Joachim Leuchte: Er darf wieder ganz offiziell buddeln (archäologische Ausgrabungen tätigen). Dabei macht er eine Entdeckung, die, sollte er sie publik machen, die Geschichte der Menschheit auf den Kopf stellen würde.
Komissar Blankenfels: Vorerst ist es einmal kein Mord, der ihn nach Flehingen führt. Ein Ort im schönen Kraichgau, der ihm, trotz der vielen Mordfälle in den letzten drei Jahren, ans Herz gewachsen ist. Hingebungsvoll gibt er sich auch dieses Mal den Genüssen, die Küche und Keller im Kraichgau zu bieten haben, hin. Doch dann holt ihn das Morden wieder ein.

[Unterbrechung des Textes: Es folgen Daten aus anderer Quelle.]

Lemma meets_t_incomparable H : A H -> t_incomparable q tau (meets_t q tau A H).
Proof.
move=> AH M1 M2 /(meets_t_atoms AH) [F1 [AF1 nF1H HM1 SM1]].
move=> /(meets_t_atoms AH) [F2 [AF2 nF2H HM2 SM2]] nM.
have nF : F1 <> F2 by move=> E; apply: nM; apply: atoms_inj => //; rewrite SM1 SM2 E.
have [a [b [_ lostE]]] := lost_pair AF2.
apply: (lost_not_le_t (u := a) (atoms_pd_closed (HA AF2)) cG (atoms_sub_G AF2)) => //.
- by rewrite lostE set21.
- apply/subsetP => w wl; rewrite SM1 in_setI.
  by rewrite (lost_sub_atoms AF2 AF1 (nesym nF) wl) (lost_sub_atoms AF2 AH nF2H wl).
- by rewrite SM2 subsetIl.
Qed.

Lemma meets_t_covered H M : A H -> meets_t q tau A H M -> covered tau M H.
Proof.
move=> AH /(meets_t_atoms AH) [F [AF nFH HM SM]].
have [a [b [_ lostE]]] := lost_pair AF.
apply: pair_covered HM (HA AH) _ _; first by rewrite SM subsetIr.
exists a, b; rewrite -lostE SM; apply/setP => w; rewrite !in_setD in_setI.
have [wH|wH] := boolP (w \in atoms H).
  by rewrite !andbT (subsetP (atoms_sub_G AH) _ wH) andbT.
rewrite !andbF; apply/esym/negbTE; apply: contra wH => wl.
by apply: (lost_sub_atoms AF AH nFH); rewrite in_setD.
Qed.

End CoveredFamily.
End PairedData.

Theorem corollary11 (p q : nat) (tau : 'I_p -> 'I_p)
  (tau_invol : involutive tau) (tau_nofix : forall i, tau i != i)
  (tau_LR : tau @: Lset p q = Rset p q)
  (G : CG p) (A : CG p -> Prop)
  (HG : is_pdCG tau G)
  (HA : forall F, A F -> is_pdCG tau F)
  (Hinc : t_incomparable q tau A)
  (Hcov : forall F, A F -> covered tau F G) :
  forall H, A H ->
    [/\ (forall M, meets_s tau A H M <-> meets_t q tau A H M),
        t_incomparable q tau (meets_t q tau A H)
      & forall F, meets_t q tau A H F -> covered tau F H].
Proof.
move=> H AH; split.
- by move=> M; apply: (meets_s_iff_meets_t tau_invol tau_nofix tau_LR HG HA Hinc Hcov).
- exact: (meets_t_incomparable tau_invol tau_nofix tau_LR HG HA Hinc Hcov).
- by move=> M; apply: (meets_t_covered tau_invol tau_nofix tau_LR HG HA Hinc Hcov).
Qed.
(* The space $\overline{ARI}_{circneut}$ of circ-neutral moulds in $\overline{ARI}$ is closed under the $\overline{ari}$-bracket, hence forms a Lie algebra under it.
   Context: $\overline{ARI}$ is the space of moulds $A=(A^r)_{r\ge0}$ with $A^r\in\mathbb{Q}(v_1,\dots,v_r)$ and $A^0=0$. $A$ is circ-neutral if $\sum_{i=0}^{r-1}A(v_{i+1},\dots,v_r,v_1,\dots,v_i)=0$ for all $r>1$. For $A,B\in\overline{ARI}$ and $w=(v_1,\dots,v_r)$: $mu(A,B)(w)=\sum_{i=0}^rA(v_1,\dots,v_i)B(v_{i+1},\dots,v_r)$, $lu(A,B)=mu(A,B)-mu(B,A)$; $(\overline{amit}(B)\cdot A)(w)=\sum_{0\le i<j<r}A(v_1,\dots,v_i,v_{j+1},\dots,v_r)B(v_{i+1}-v_{j+1},\dots,v_j-v_{j+1})$; $(\overline{anit}(B)\cdot A)(w)=\sum_{1\le i<j\le r}A(v_1,\dots,v_i,v_{j+1},\dots,v_r)B(v_{i+1}-v_i,\dots,v_j-v_i)$; $\overline{arit}(B)=\overline{amit}(B)-\overline{anit}(B)$; and $\overline{ari}(A,B)=\overline{arit}(B)\cdot A-\overline{arit}(A)\cdot B+lu(A,B)$. *)

From HB Require Import structures.
From mathcomp Require Import all_boot all_order all_algebra.
From mathcomp Require Import fraction generic_quotient.
From mathcomp Require Import mpoly.
Set Implicit Arguments. Unset Strict Implicit. Unset Printing Implicit Defensive.
Import Order.TTheory GRing.Theory Num.Theory.
Local Open Scope ring_scope.

(** Polynomials and rational functions in r variables v_1, ..., v_r over Q.
    The variable v_(m+1) is ''X_m (0-based indexing). *)
Definition Poly (r : nat) := {mpoly rat[r]}.
Definition RatFun (r : nat) := {fraction {mpoly rat[r]}}.

Definition mould := forall r : nat, RatFun r.

(** The (0-based) variable v_(j+1) in Q[v_1..v_r] (0 if out of range). *)
Definition var (r j : nat) : Poly r :=
  match (insub j : option 'I_r) with
  | Some i => 'X_i
  | None => 0
  end.

(** Substitution of a rational function in k variables: the m-th variable
    (0-based, i.e. u_(m+1)) is replaced by the polynomial f m in r variables.
    (Computed on a representative numerator/denominator; all substitutions used
    below are injective on polynomials, so this is the usual field embedding.) *)
Definition subst (k r : nat) (f : nat -> Poly r) (x : RatFun k) : RatFun r :=
  let lq := [tuple f (nat_of_ord m) | m < k] in
  let p := @frac _ (repr x) in
  tofrac (comp_mpoly lq p.1) / tofrac (comp_mpoly lq p.2).

Definition in_ARI (A : mould) : Prop := A 0%N = 0.

Definition circ_neutral (A : mould) : Prop :=
  forall r : nat, (1 < r)%N ->
    \sum_(i < r) subst (fun m => var r ((m + i) %% r)) (A r) = 0.

(** mu(A,B)(w) = sum_{i=0}^r A(v_1..v_i) B(v_{i+1}..v_r). *)
Definition mu (A B : mould) : mould := fun r =>
  \sum_(i < r.+1)
     subst (fun m => var r m) (A i) * subst (fun m => var r (i + m)) (B (r - i)%N).

Definition lu (A B : mould) : mould := fun r => mu A B r - mu B A r.

(** (amit(B).A)(w) = sum_{0<=i<j<r} A(v_1..v_i,v_{j+1}..v_r) B(v_{i+1}-v_{j+1},..,v_j-v_{j+1}). *)
Definition amit (B A : mould) : mould := fun r =>
  \sum_(j < r) \sum_(i < j)
     subst (fun m => if (m < i)%N then var r m else var r (j + (m - i))) (A (r - (j - i))%N)
   * subst (fun m => var r (i + m) - var r j) (B (j - i)%N).

(** (anit(B).A)(w) = sum_{1<=i<j<=r} A(v_1..v_i,v_{j+1}..v_r) B(v_{i+1}-v_i,..,v_j-v_i). *)
Definition anit (B A : mould) : mould := fun r =>
  \sum_(j < r.+1) \sum_(i < j | (0 < i)%N)
     subst (fun m => if (m < i)%N then var r m else var r (j + (m - i))) (A (r - (j - i))%N)
   * subst (fun m => var r (i + m) - var r (i.-1)) (B (j - i)%N).

Definition arit (B A : mould) : mould := fun r => amit B A r - anit B A r.

Definition ari (A B : mould) : mould := fun r => arit B A r - arit A B r + lu A B r.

Frau Braun: Andreas wissbegierige (neugierige) Nachbarin. Sie lässt sich auf ihre alten Tage noch auf das Wagnis einer neuen Liebe ein und beschließt ihren heiligen Witwenstand aufzugeben. Als Folge dessen, sieht sich Kommissar Blankenfels gezwungen, sich auch dienstlich für ihre neugewonnene Liebe zu hausgemachten Butterkeksen, die eine interessante pflanzliche Note haben, zu interessieren.
Herb Weingardner: Erbe jüdischer Emigranten aus Flehingen. Ein rätselhaftes Bild zwingt ihn, sich mit der Vergangenheit seiner Eltern auseinanderzusetzen.
Emma Fuchs: Andreas Freundin und die Gattin des Bürgermeisters. Eigentlich möchte sie nun nach der Geburt ihrer Tochter Clara ganz in der Mutterrolle aufgehen, wäre da nicht Andrea mit ihren Ermittlungen.
Thorsten Fuchs: Emmas frisch angetrauter Ehemann und Bürgermeister. Er hat es inzwischen akzeptiert, dass es Ereignisse in seinem Ort gibt, die er nicht versuchen sollte zu verstehen.
Erich: Seine Liebe zur Kunst, die in seinen Bildern weiterlebt und so manches tödliche Geheimnis mit sich bringt.
Schloss Flehingen: Schauplatz fast 700 Jahre wechselvoller Geschichte und Hüter so manchen Geheimnisses. Ohne ein (zu mindestens nicht bekanntes) Schlossgespenst.
Prolog
Langsam, aber unaufhaltsam züngelten sich die Flammen empor. Von einem Dunkelrot in ihrer Mitte bis zu einem giftigen, rauchigen Gelb an der Flammenspitze. Gierig, mit einem lauten Zischen, fraß sich das Feuer durch das bunte Treiben auf der Leinwand. Brannte schwarze Löcher in einen gemalten Traum aus Farben. Zerfraß Sehnsüchte und die damit verbundenen tiefen Gefühle. Die Arbeit. Die Kunst. Hinterließ ein schwarzes Häufchen Nichts, das der Wind als Spielball benutzte. Aufwirbelte und mit sich fortnahm.
1
Flehingen, Januar 1938. Zuerst rasch, dann wieder behutsam tänzelnd, einer Ballerina gleich, glitt der Pinsel über die Leinwand. Aus der Komposition aus Brauntönen entstand eine hügelige Wüstenlandschaft. Sanft umrahmt von schlanken, grünen Palmen. In der linken Ecke, eingerahmt von ockerfarbenen, golden in der Wüstensonne schimmernden Steinen, stand der über 2000 Jahre alte Grund für Freude, Frieden, aber auch für Krieg und Verfolgung.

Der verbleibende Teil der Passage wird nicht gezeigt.